A recent study by Beatrice Hahn and colleagues, published in Nature Communications, has solved a major puzzle about the origin of one of the parasites that causes malaria in people worldwide: Plasmodium vivax.

Malaria is one of the world’s deadliest diseases, killing perhaps a million people each year. Most of the people who die from malaria are in Africa, and most of them children. In areas where malaria is common, adults often have a degree of resistance to the disease, but still get sick enough now and then to miss many days of work, suffering from agonizing aches, fevers and chills. Even though most victims are children, many adults die as well, especially when their immune systems are weakened by other infections. Malaria thus has huge economic costs and has been cited as one of the main drags on economic growth for many tropical nations.

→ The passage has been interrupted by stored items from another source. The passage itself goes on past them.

Let dT_ge0 : 0 <= dT.
Proof.
rewrite /dT; case: ifP => // kI.
by rewrite divr_ge0 ?mulr_ge0 ?powR_ge0 ?(ltW (Kc_gt0 kI)) ?(le_trans ler01 (hcI_ge1 kI)).
Qed.

Lemma activation_deriv_ratio_le :
  m * S `^ (m - 1) * dS / (S `^ m + K `^ m)
  <= (if k \in Aset then m * hc k * (1 + w k) * (1 + (K `^ m)^-1) else 0).
Proof.
rewrite /dS; case: ifP => kA; last by rewrite mulr0 mul0r.
have wk_gt0 := w_gt0 kA; have hk_ge0 := le_trans ler01 (hcA_ge1 kA).
set Q := S `^ (m - 1); set V := S `^ m.
have Q_ge0 : 0 <= Q by exact: powR_ge0.
have SQ : S * Q = V by exact: mulr_powRB1.
have Q_le : Q <= V + 1 by exact: powRB1_le.
have wU_le_S : w k * y k `^ hc k <= S.
  rewrite /S (bigD1 k) //= lerDl sumr_ge0 // => i /andP[iA _].
  by rewrite mulr_ge0 ?powR_ge0 ?(ltW (w_gt0 iA)).
have wP_le : w k * y k `^ (hc k - 1) <= S + w k.
  apply: (@le_trans _ _ (w k * (y k `^ hc k + 1))); last by rewrite mulrDr mulr1 lerD2r.
  by rewrite ler_wpM2l ?(ltW wk_gt0) ?powRB1_le ?hcA_ge1.
have QwP_le : Q * (w k * y k `^ (hc k - 1)) <= (1 + w k) * (V + 1).
  apply: (@le_trans _ _ (Q * (S + w k))); first by rewrite ler_wpM2l.
  have : 0 <= w k * (V + 1 - Q) by rewrite mulr_ge0 ?subr_ge0 ?(ltW wk_gt0).
  by nra.
set c := m * hc k * (1 + w k).
have num_le : m * Q * (w k * (hc k * y k `^ (hc k - 1))) <= c * (V + 1).
  rewrite /c -[leRHS]mulrA.
  apply: (@le_trans _ _ (m * hc k * (Q * (w k * y k `^ (hc k - 1))))).
    by rewrite le_eqVlt; apply/orP; left; apply/eqP; ring.
  by rewrite ler_wpM2l ?mulr_ge0 ?(ltW m_gt0).
apply: le_trans (ler_wpM2r _ num_le) _; first by rewrite invr_ge0 addr_ge0 ?powR_ge0.
rewrite /= -mulrA ler_wpM2l ?addr1_div_le ?powR_ge0 //.
by rewrite /c !mulr_ge0 ?addr_ge0 ?(ltW m_gt0) ?(ltW wk_gt0).
Qed.

Lemma inhibition_deriv_ratio_le :
  K `^ m * (m * T `^ (m - 1) * dT) / (K `^ m * T `^ m)
  <= (if k \in Iset then m * hc k / Kc k else 0).
Proof.
rewrite /dT; case: ifP => kI; last by rewrite !mulr0 mul0r.
have Kk_gt0 := Kc_gt0 kI; have hk_ge0 := le_trans ler01 (hcI_ge1 kI).
set u := y k / Kc k; set Q := T `^ (m - 1); set P := u `^ (hc k - 1).
have u_ge0 : 0 <= u by rewrite divr_ge0 ?(ltW Kk_gt0).
have P_le_T : P <= T.
  apply: le_trans (powRB1_le u_ge0 (hcI_ge1 kI)) _.
  rewrite /T addrC lerD2l (bigD1 k) //= lerDl.
  by rewrite sumr_ge0 // => j _; exact: powR_ge0.
rewrite -(mulr_powRB1 (ltW T_gt0) m_gt0) -/Q ler_pdivrMr ?mulr_gt0 ?powR_gt0 //.
have c_ge0 : 0 <= K `^ m * (m * hc k / Kc k).
  by rewrite !mulr_ge0 ?invr_ge0 ?(ltW Km_gt0) ?(ltW m_gt0) ?(ltW Kk_gt0).
apply: (@le_trans _ _ (K `^ m * (m * hc k / Kc k) * (Q * P))).
  by rewrite le_eqVlt; apply/orP; left; apply/eqP; ring.
apply: (@le_trans _ _ (K `^ m * (m * hc k / Kc k) * (Q * T))).
  by rewrite ler_wpM2l // ler_wpM2l ?powR_ge0.
by rewrite le_eqVlt; apply/orP; left; apply/eqP; ring.
Qed.

Lemma hill_partial_deriv_le : exists d,
  partial_deriv_nonneg (hillH Aset Iset w hc Kc m K) y k d
  /\ `|d| <= hill_deriv_bound k.
Proof.
pose A t := powRext m (Sext t); pose B t := K `^ m * powRext m (Text t).
pose dA := m * S `^ (m - 1) * dS; pose dB := K `^ m * (m * T `^ (m - 1) * dT).
have A0 : A 0 = S `^ m by rewrite /A Sext0 powRext_ge0.
have B0 : B 0 = K `^ m * T `^ m by rewrite /B Text0 powRext_ge0 // ltW.
have A_dA : is_derive (0 : R) 1 A dA.
  by rewrite /dA -Sext0; apply: is_derive_powRext_comp is_derive_Sext; rewrite // Sext0.
have B_dB : is_derive (0 : R) 1 B dB.
  rewrite /dB -Text0; apply: is_deriveZ; apply: is_derive_powRext_comp is_derive_Text.
    by [].
  by rewrite Text0 ltW.
have A0_ge0 : 0 <= A 0 by rewrite A0 powR_ge0.
have B0_gt0 : 0 < B 0 by rewrite B0 mulr_gt0 ?powR_gt0.
have AB0_neq0 : A 0 + B 0 != 0 by rewrite gt_eqF ?ltr_wpDl.
exists ((dA * (A 0 + B 0) - A 0 * (dA + dB)) / (A 0 + B 0) ^+ 2); split.
  apply: is_derive_partial_deriv_nonneg (y_ge0 k) _ hillH_line.
  have AB_dAB : is_derive (0 : R) 1 (fun t => A t + B t) (dA + dB).
    exact: is_deriveD.
  exact: is_derive_div A_dA AB_dAB AB0_neq0.
apply: le_trans (norm_derive_ratio_le A0_ge0 B0_gt0 _ _) _.
- by rewrite /dA mulr_ge0 ?mulr_ge0 ?powR_ge0 ?(ltW m_gt0).
- by rewrite /dB !mulr_ge0 ?powR_ge0 ?(ltW m_gt0).
rewrite A0 B0; apply: lerD; last exact: inhibition_deriv_ratio_le.
apply: le_trans activation_deriv_ratio_le.
rewrite ler_wpM2l ?mulr_ge0 ?powR_ge0 ?(ltW m_gt0) //.
have KTm_gt0 : 0 < K `^ m * T `^ m by rewrite -B0.
rewrite lef_pV2 ?posrE ?ltr_wpDl ?powR_ge0 // lerD2l ler_peMr ?(ltW Km_gt0) //.
exact: powR_ge1 T_ge1 (ltW m_gt0).
Qed.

Malaria has had a huge impact on human history and evolution. Malaria is one of the major reasons that Africa resisted European colonialism for so long. Europeans visiting Africa died in droves until the discovery that a drug extracted from the bark of the South American cinchona tree, quinine, protects against malaria. Quinine is fairly awful stuff: when I took it to fight a particularly bad malaria infection, it caused vomiting and a painfully loud ringing of the ears. From the mid-20^th Century on, more effective anti-malarial drugs have been produced, which have helped many millions of people survive this terrible disease. Visiting and working in the tropics for business, tourism or, say, field primatology, would be a lot more dangerous without these drugs.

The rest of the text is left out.